Data provided START

(* Let $N\ge2$. Let $\mathbf s=[s_1,\dots,s_{2^N}]^{\mathrm T}$ be given in TT format: $s_{(k_1,\dots,k_N)}=\sum_{r_1=1}^{R_1}\cdots\sum_{r_{N-1}=1}^{R_{N-1}}s^{(1)}_{1,k_1,r_1}s^{(2)}_{r_1,k_2,r_2}\cdots s^{(N)}_{r_{N-1},k_N,1}$ for $k_m\in\{1,2\}$, with $R_0=R_N=1$. Let $\mathbf H\in\mathbb R^{2^N\times2^N}$ be the upper anti-triangular Hankel matrix with entries $\mathbf H_{ij}=s_{2^N+1-i-j}$ if $i+j\le 2^N$ and $\mathbf H_{ij}=0$ otherwise (so its first row is $(s_{2^N-1},\dots,s_1,0)$). Let $$\mathbf P=\begin{bmatrix}0&1\\1&0\end{bmatrix},\quad\mathbf Q=\begin{bmatrix}1&0\\0&0\end{bmatrix},\quad\mathbf R=\begin{bmatrix}0&0\\0&1\end{bmatrix},$$ and define the block matrices $$\widetilde{\mathbf M}^{(N)}_1=\begin{bmatrix}\mathbf P&\mathbf Q\end{bmatrix},\ \widetilde{\mathbf M}^{(n)}_1=\begin{bmatrix}\mathbf P&\mathbf Q\\\mathbf 0&\mathbf R\end{bmatrix}\ (2\le n\le N-1),\ \widetilde{\mathbf M}^{(1)}_1=\begin{bmatrix}\mathbf Q\\\mathbf R\end{bmatrix},$$ $$\widetilde{\mathbf M}^{(N)}_2=\begin{bmatrix}\mathbf Q&\mathbf 0\end{bmatrix},\ \widetilde{\mathbf M}^{(n)}_2=\begin{bmatrix}\mathbf Q&\mathbf 0\\\mathbf R&\mathbf P\end{bmatrix}\ (2\le n\le N-1),\ \widetilde{\mathbf M}^{(1)}_2=\begin{bmatrix}\mathbf 0\\\mathbf P\end{bmatrix}.$$ Denote by $\mathbf M^{(n)}_{q_n,k,q_{n-1}}\in\mathbb R^{2\times2}$ the $(q_n,q_{n-1})$-th $2\times2$ block of $\widetilde{\mathbf M}^{(n)}_k$ (so $q_N=1$, $q_0=1$, and $q_n\in\{1,2\}$ for $1\le n\le N-1$). For $t_n=(r_n,q_n)$ define $$\mathbf H^{(n)}_{t_n,t_{n-1}}=\mathbf H^{(n)}_{(r_n,q_n),(r_{n-1},q_{n-1})}=\sum_{k=1}^{2}s^{(n)}_{r_{n-1},k,r_n}\mathbf M^{(n)}_{q_n,k,q_{n-1}}\in\mathbb R^{2\times2},$$ with $t_N=t_0=1$ meaning $(r,q)=(1,1)$. Then $$\mathbf H=\sum_{t_1}\cdots\sum_{t_{N-1}}\mathbf H^{(N)}_{1,t_{N-1}}\otimes\mathbf H^{(N-1)}_{t_{N-1},t_{N-2}}\otimes\cdots\otimes\mathbf H^{(1)}_{t_1,1},$$ where each $t_n$ ranges over the $2R_n$ pairs $(r_n,q_n)\in\{1,\dots,R_n\}\times\{1,2\}$.
   Context: Multi-index convention: $(k_1,\dots,k_N)=k_1+2(k_2-1)+\cdots+2^{N-1}(k_N-1)$ for $k_m\in\{1,2\}$. $\otimes$ denotes the Kronecker product; in a Kronecker product $\mathbf X\otimes\mathbf Y$ the index of $\mathbf Y$ varies fastest. *)

From HB Require Import structures.
From mathcomp Require Import all_boot all_order all_algebra.
Unset Printing Implicit Defensive.
Import Order.TTheory GRing.Theory Num.Theory.
Local Open Scope ring_scope.

(* Conventions (all indices 0-based, i.e. paper index minus 1):
   - Rk n  = R_n  (n = 0..N), with R_0 = R_N = 1 as hypotheses of the theorem.
   - G n r k r' = s^{(n)}_{r+1, k+1, r'+1} for the core n (1 <= n <= N),
     r : 'I_(R_{n-1}), k : 'I_2, r' : 'I_(R_n).                             *)

Section TT.
Variable R : nzRingType.
Variable Rk : nat -> nat.
Variable G : forall n : nat, 'I_(Rk n.-1) -> 'I_2 -> 'I_(Rk n) -> R.

(* Row vector of partial TT products s^{(1)}_{1,k_1,:} ... s^{(n)}_{:,k_n,:};
   kk m is the (0-based) value k_m - 1. *)
Fixpoint ttrow (kk : nat -> 'I_2) (n : nat) : 'rV[R]_(Rk n) :=
  match n with
  | 0 => const_mx 1
  | n'.+1 => ttrow kk n' *m \matrix_(i, j) @G n'.+1 i (kk n'.+1) j
  end.

(* The (0-based) digit k_m - 1 of the 0-based linear index p = (k_1,...,k_N) - 1,
   following (k_1,...,k_N) = k_1 + 2(k_2-1) + ... + 2^{N-1}(k_N-1). *)
Definition kdig (p : nat) (m : nat) : 'I_2 := inord ((p %/ 2 ^ m.-1) %% 2).

(* s_{p+1} in TT format (the sum over j ranges over the single index r_N = 1). *)
Definition sval (N p : nat) : R := \sum_(j < Rk N) ttrow (kdig p) N 0 j.

Definition Hmat (N : nat) : 'M[R]_(2 ^ N) :=
  \matrix_(i, j) if (i + j + 2 <= 2 ^ N)%N then sval N (2 ^ N - 2 - i - j) else 0.

Definition Pm : 'M[R]_2 := \matrix_(i, j) (i != j)%:R.
Definition Qm : 'M[R]_2 := \matrix_(i, j) ((i == 0 :> nat) && (j == 0 :> nat))%:R.
Definition Rm : 'M[R]_2 := \matrix_(i, j) ((i == 1 :> nat) && (j == 1 :> nat))%:R.

(* Mblk N n q k q' = M^{(n)}_{q+1, k+1, q'+1}: the (q+1, q'+1)-th 2x2 block of
   \tilde M^{(n)}_{k+1}.  For n = N only q = 0 is meaningful; for n = 1 only
   q' = 0 is meaningful. *)
Definition Mblk (N n : nat) (q k q' : 'I_2) : 'M[R]_2 :=
  let q0 := (q == 0 :> nat) in let k0 := (k == 0 :> nat) in
  let q'0 := (q' == 0 :> nat) in
  if n == N then
    (* ~M^{(N)}_1 = [P Q],  ~M^{(N)}_2 = [Q 0] *)
    (if k0 then (if q'0 then Pm else Qm) else (if q'0 then Qm else 0))
  else if n == 1%N then
    (* ~M^{(1)}_1 = [Q; R],  ~M^{(1)}_2 = [0; P] *)
    (if k0 then (if q0 then Qm else Rm) else (if q0 then 0 else Pm))
  else
    (* ~M^{(n)}_1 = [P Q; 0 R],  ~M^{(n)}_2 = [Q 0; R P] *)
    (if k0 then
       (if q0 then (if q'0 then Pm else Qm) else (if q'0 then 0 else Rm))
     else
       (if q0 then (if q'0 then Qm else 0) else (if q'0 then Rm else Pm))).

Definition Hblk (N n : nat) (r : 'I_(Rk n)) (q : 'I_2) (r' : 'I_(Rk n.-1))
    (q' : 'I_2) : 'M[R]_2 :=
  \sum_(k < 2) @G n r' k r *: Mblk N n q k q'.

(* Kronecker product X (x) Y for a 2x2 matrix X: the block matrix [x_ij Y]
   (so the index of Y varies fastest). *)
Definition kron2 (d : nat) (X : 'M[R]_2) (Y : 'M[R]_d) : 'M[R]_(d + d) :=
  block_mx (X 0 0 *: Y) (X 0 1 *: Y) (X 1 0 *: Y) (X 1 1 *: Y).

Fixpoint dim (n : nat) : nat := if n is n'.+1 then (dim n' + dim n')%N else 1%N.

Lemma dimE n : dim n = (2 ^ n)%N.
Proof. by elim: n => //= n ->; rewrite expnS mul2n addnn. Qed.

(* Kchain N n t_n = sum_{t_{n-1}} ... sum_{t_1}
       H^{(n)}_{t_n,t_{n-1}} (x) ... (x) H^{(1)}_{t_1,1},
   written recursively (Kronecker product is bilinear):
   Kchain (n+1) t = sum_{t'} H^{(n+1)}_{t,t'} (x) Kchain n t',
   where t' = (r', q') ranges over r' < R_n and q' in {1,2} if n >= 1,
   q' = 1 only if n = 0; Kchain 0 = [1] (1x1). *)
Fixpoint Kchain (N n : nat) : 'I_(Rk n) -> 'I_2 -> 'M[R]_(dim n) :=
  match n with
  | 0 => fun _ _ => 1%:M
  | n'.+1 => fun r q =>
      \sum_(r' < Rk n') \sum_(q' < 2 | (0 < n')%N || (q' == 0 :> nat))
         kron2 _ (@Hblk N n'.+1 r q r' q') (Kchain N n' r' q')
  end.

End TT.

Arguments Hmat {R Rk} G N.
Arguments Kchain {R Rk} G N n.

From Pilot Require Import Defs.
From HB Require Import structures.
From mathcomp Require Import all_boot all_order all_algebra.
From mathcomp Require Import zify ring.
Import Order.TTheory GRing.Theory Num.Theory.
Local Open Scope ring_scope.

(* The partial chain [Kchain n r q] is a Hankel block of the sequence
   [p |-> ttrow (kdig p) n] of partial TT products of length 2^n: its (i, j)
   entry is the term of index 2^n (q + 1) - (i + j + 2) when that index lies in
   [0, 2^n), and 0 otherwise (q = 0 gives the upper anti-triangular part, q = 1
   the lower one).  Writing i = a 2^n + i', j = b 2^n + j', the Hankel index at
   level n + 1 is k 2^n plus the level-n index of (i', j') in block q', exactly
   when k + a + b + q' = 2 q + 1; and the 2x2 blocks M^{(n)}_{q,k,q'} are the
   matrices [a, b |-> (k + a + b + q' == 2 q + 1)].  So one Kronecker step
   reads off one more binary digit k of the index, which is the digit consumed
   by the next TT core. *)

Definition hankel_support (n q i j : nat) : bool :=
  (i + j + 2 <= 2 ^ n * q.+1 < 2 ^ n + (i + j + 2))%N.

Definition hankel_index (n q i j : nat) : nat := (2 ^ n * q.+1 - (i + j + 2))%N.

Lemma hankel_support_upper n i j :
  hankel_support n 0 i j = (i + j + 2 <= 2 ^ n)%N.
Proof. by rewrite /hankel_support; apply/andP/idP => [[]|]; lia. Qed.

Lemma hankel_digit_sum (R : nzRingType) n (a b q i j : nat)
    (F : nat -> nat -> R) :
  (a < 2)%N -> (b < 2)%N -> (q < 2)%N -> (i < 2 ^ n)%N -> (j < 2 ^ n)%N ->
  let I := hankel_index n.+1 q (a * 2 ^ n + i) (b * 2 ^ n + j) in
  \sum_(q' < 2) \sum_(k < 2) ((k + a + b + q' == 1 + 2 * q)%N%:R *
     (if hankel_support n q' i j then F k (hankel_index n q' i j) else 0))
  = if hankel_support n.+1 q (a * 2 ^ n + i) (b * 2 ^ n + j)
    then F (I %/ 2 ^ n)%N (I %% 2 ^ n)%N else 0.
Proof.
move=> ha hb hq hi hj I; rewrite {}/I.
rewrite !big_ord_recr !big_ord0 /= !add0r.
have -> : hankel_support n 1 i j = (2 ^ n < i + j + 2)%N.
  by rewrite /hankel_support; apply/andP/idP => [[]|]; lia.
rewrite hankel_support_upper /hankel_support /hankel_index.
rewrite expnS; move: hi hj; set B := (2 ^ n)%N => hi hj.
have B_gt0 : (0 < B)%N by lia.
case: a ha => [|[|//]] _; case: b hb => [|[|//]] _; case: q hq => [|[|//]] _ /=;
  rewrite ?mul1r ?mul0r ?addr0 ?add0r;
  (case: (leqP (i + j + 2) B) => hS; rewrite /= ?mul1r ?mul0r ?addr0 ?add0r);
  case: ifP => H //.
all: try by exfalso; move: H hS hi hj; lia.
all: try by move: H hS hi hj; lia.
all: lazymatch goal with |- ?f ?k ?p = ?f (?X %/ _)%N _ =>
  have -> : X = (k * B + p)%N by lia end.
all: by rewrite divnMDl // modnMDl divn_small ?modn_small ?addn0 //; lia.
Qed.

Lemma kdig_modn p n m : (0 < m <= n)%N -> kdig (p %% 2 ^ n) m = kdig p m.
Proof.
move=> /andP[m_gt0 le_mn]; rewrite /kdig; congr inord.
have -> : (2 ^ n = 2 ^ (n - m.-1) * 2 ^ m.-1)%N by rewrite -expnD subnK //; lia.
rewrite -modn_divl; apply: modn_dvdm.
by rewrite -{1}(expn1 2) dvdn_exp2l //; lia.
Qed.

Section PartialProducts.

Variable R : comNzRingType.
Variable Rk : nat -> nat.
Variable G : forall n : nat, 'I_(Rk n.-1) -> 'I_2 -> 'I_(Rk n) -> R.

Lemma eq_ttrow kk kk' n :
  (forall m, (0 < m <= n)%N -> kk m = kk' m) ->
  ttrow R Rk G kk n = ttrow R Rk G kk' n.
Proof.
elim: n => [|n IHn] eq_kk //=.
rewrite eq_kk ?leqnn // IHn // => m /andP[m_gt0 le_mn].
by apply: eq_kk; rewrite m_gt0 leqW.
Qed.

Lemma ttrow_digit_split p n r :
  ttrow R Rk G (kdig p) n.+1 0 r =
  \sum_(r' < Rk n) ttrow R Rk G (kdig (p %% 2 ^ n)) n 0 r' * G n.+1 r' (kdig p n.+1) r.
Proof.
rewrite /= mxE; apply: eq_bigr => r' _; rewrite mxE.
by rewrite (@eq_ttrow _ (kdig (p %% 2 ^ n))) // => m /kdig_modn.
Qed.

Definition hankel_entry n (r : 'I_(Rk n)) (q i j : nat) : R :=
  if hankel_support n q i j then ttrow R Rk G (kdig (hankel_index n q i j)) n 0 r
  else 0.

Lemma hankel_entry0 (r : 'I_(Rk 0)) q : hankel_entry 0 r q 0 0 = (q == 1)%:R.
Proof.
by rewrite /hankel_entry /hankel_support /= mxE; case: q => [|[|q]].
Qed.

Lemma hankel_entry_succ n r (a b : 'I_2) q i j :
  (q < 2)%N -> (i < 2 ^ n)%N -> (j < 2 ^ n)%N ->
  hankel_entry n.+1 r q (a * 2 ^ n + i) (b * 2 ^ n + j) =
  \sum_(r' < Rk n) \sum_(q' < 2)
     (\sum_(k < 2) G n.+1 r' k r * (k + a + b + q' == 1 + 2 * q)%N%:R) *
     hankel_entry n r' q' i j.
Proof.
move=> hq hi hj.
pose F k p := \sum_(r' < Rk n)
  ttrow R Rk G (kdig p) n 0 r' * G n.+1 r' (inord (k %% 2)) r.
transitivity (\sum_(q' < 2) \sum_(k < 2) ((k + a + b + q' == 1 + 2 * q)%N%:R *
    (if hankel_support n q' i j then F k (hankel_index n q' i j) else 0))).
  rewrite hankel_digit_sum // /hankel_entry; case: ifP => // _.
  exact: ttrow_digit_split.
rewrite [RHS]exchange_big; apply: eq_bigr => q' _ /=.
rewrite /hankel_entry; case: (hankel_support n q' i j); last first.
  by rewrite !big1 // => ? _; rewrite ?mulr0.
under [RHS]eq_bigr => r' _ do rewrite mulr_suml.
rewrite [RHS]exchange_big; apply: eq_bigr => k _.
rewrite /F mulr_sumr; apply: eq_bigr => r' _.
by rewrite modn_small // inord_val; ring.
Qed.

End PartialProducts.

Arguments hankel_entry {R Rk} G n r q i j.

Section KroneckerChain.

Variable R : comNzRingType.
Variable N : nat.
Variable Rk : nat -> nat.
Variable G : forall n : nat, 'I_(Rk n.-1) -> 'I_2 -> 'I_(Rk n) -> R.

Lemma Mblk_inner n (q k q' a b : 'I_2) : (1 < n)%N ->
  Mblk R N n q k q' a b =
  (k + a + b + q' == 1 + 2 * (if n == N then 0 else q))%N%:R.
Proof.
move=> n_gt1; rewrite /Mblk (_ : (n == 1%N) = false); last by apply/eqP; lia.
case: (n == N);
case: q => [[|[|//]] ?]; case: k => [[|[|//]] ?]; case: q' => [[|[|//]] ?];
case: a => [[|[|//]] ?]; case: b => [[|[|//]] ?]; by rewrite /= ?mxE.
Qed.

(* At level 1 the chain ends in the 1x1 block [1], which is the level-0
   Hankel block with q' = 1, not q' = 0. *)
Lemma Mblk_first (q k q' a b : 'I_2) : N != 1%N ->
  Mblk R N 1 q k q' a b = (k + a + b + 1 == 1 + 2 * q)%N%:R.
Proof.
move=> N_neq1; rewrite /Mblk eq_sym (negbTE N_neq1) eqxx.
case: q => [[|[|//]] ?]; case: k => [[|[|//]] ?]; case: q' => [[|[|//]] ?];
case: a => [[|[|//]] ?]; case: b => [[|[|//]] ?]; by rewrite /= ?mxE.
Qed.

Definition kron_idx {d : nat} (a : 'I_2) (i : 'I_d) : 'I_(d + d) :=
  if a == 0 :> nat then lshift d i else rshift d i.

Lemma kron_idxE (m : nat) a (i : 'I_(Defs.dim m)) :
  @nat_of_ord (Defs.dim m.+1) (kron_idx a i) = (a * 2 ^ m + i)%N.
Proof.
by rewrite /kron_idx -dimE; case: a => [[|[|//]] ?] /=; rewrite ?mul0n ?mul1n.
Qed.

Lemma kron_idxP d (i : 'I_(d + d)) : exists a k, i = kron_idx a k.
Proof.
case: (splitP i) => [k Hi|k Hi]; [exists 0, k | exists 1, k];
  by apply: val_inj; rewrite /kron_idx /= Hi.
Qed.

Lemma kron2E d X (Y : 'M_d) a b i j :
  kron2 R d X Y (kron_idx a i) (kron_idx b j) = X a b * Y i j.
Proof.
rewrite /kron2 /kron_idx.
case: a => [[|[|//]] ha]; case: b => [[|[|//]] hb] /=;
rewrite ?block_mxEul ?block_mxEur ?block_mxEdl ?block_mxEdr mxE;
by congr (X _ _ * _); apply: val_inj.
Qed.

Lemma Kchain_kron_idx n r q a b i j :
  Kchain G N n.+1 r q (kron_idx a i) (kron_idx b j) =
  \sum_(r' < Rk n) \sum_(q' < 2 | (0 < n)%N || (q' == 0 :> nat))
     (\sum_(k < 2) G n.+1 r' k r * Mblk R N n.+1 q k q' a b) *
     Kchain G N n r' q' i j.
Proof.
rewrite /= summxE; apply: eq_bigr => r' _; rewrite summxE.
apply: eq_bigr => q' _; rewrite kron2E /Hblk summxE.
by congr (_ * _); apply: eq_bigr => k _; rewrite mxE.
Qed.

Lemma Kchain_hankel n : (2 <= N)%N -> (n < N)%N ->
  forall r (q : 'I_2) i j,
  Kchain G N n.+1 r q i j = hankel_entry G n.+1 r (if n.+1 == N then 0%N else q) i j.
Proof.
move=> N_ge2; have N_neq1 : N != 1%N by apply/eqP; lia.
elim: n => [|n IHn] lt_nN r q i j.
- have [a [i' ->]] := @kron_idxP (Defs.dim 0) i.
  have [b [j' ->]] := @kron_idxP (Defs.dim 0) j.
  rewrite (_ : (1 == N) = false); last by apply/eqP; lia.
  rewrite Kchain_kron_idx !kron_idxE (ord1 i') (ord1 j') !addn0.
  rewrite -(addn0 (a * 2 ^ 0)%N) -(addn0 (b * 2 ^ 0)%N) hankel_entry_succ //.
  apply: eq_bigr => r' _; rewrite big_mkcond [LHS]big_ord_recr [RHS]big_ord_recr.
  rewrite !big_ord1 /= !hankel_entry0 mxE mulr0 mulr1 add0r addr0.
  by rewrite eqxx mulr1; apply: eq_bigr => k _; rewrite Mblk_first.
- have [a [i' ->]] := @kron_idxP (Defs.dim n.+1) i.
  have [b [j' ->]] := @kron_idxP (Defs.dim n.+1) j.
  have hq : ((if n.+2 == N then 0 else q) < 2)%N by case: ifP.
  rewrite Kchain_kron_idx !kron_idxE hankel_entry_succ -?dimE //.
  apply: eq_bigr => r' _; rewrite big_mkcond; apply: eq_bigr => q' _ /=.
  rewrite IHn 1?ltnW // (_ : (n.+1 == N) = false); last by apply/eqP; lia.
  congr (_ * _); apply: eq_bigr => k _.
  by rewrite Mblk_inner.
Qed.

End KroneckerChain.

Theorem mainTheorem6 (R : realFieldType) (N : nat) (Rk : nat -> nat)
    (G : forall n : nat, 'I_(Rk n.-1) -> 'I_2 -> 'I_(Rk n) -> R)
    (hN : (2 <= N)%N) (hR0 : Rk 0%N = 1%N) (hRN : Rk N = 1%N) :
  Hmat G N =
  castmx (dimE N, dimE N) (\sum_(r < Rk N) Kchain G N N r 0).
Proof.
apply/matrixP => i j; rewrite castmxE summxE mxE.
case: N hN hRN G i j => [//|n] hN _ G i j.
under eq_bigr => r _ do rewrite Kchain_hankel // eqxx.
rewrite /hankel_entry hankel_support_upper /=.
case: ifP => h; last by rewrite big1.
suff -> : hankel_index n.+1 0 i j = (2 ^ n.+1 - 2 - i - j)%N by [].
by rewrite /hankel_index; lia.
Qed.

Data provided END

Copy each line in the entries above where "dimE" turns up.

Lemma dimE n : dim n = (2 ^ n)%N.
by rewrite /kron_idx -dimE; case: a => [[|[|//]] ?] /=; rewrite ?mul0n ?mul1n.
  rewrite Kchain_kron_idx !kron_idxE hankel_entry_succ -?dimE //.
  castmx (dimE N, dimE N) (\sum_(r < Rk N) Kchain G N N r 0).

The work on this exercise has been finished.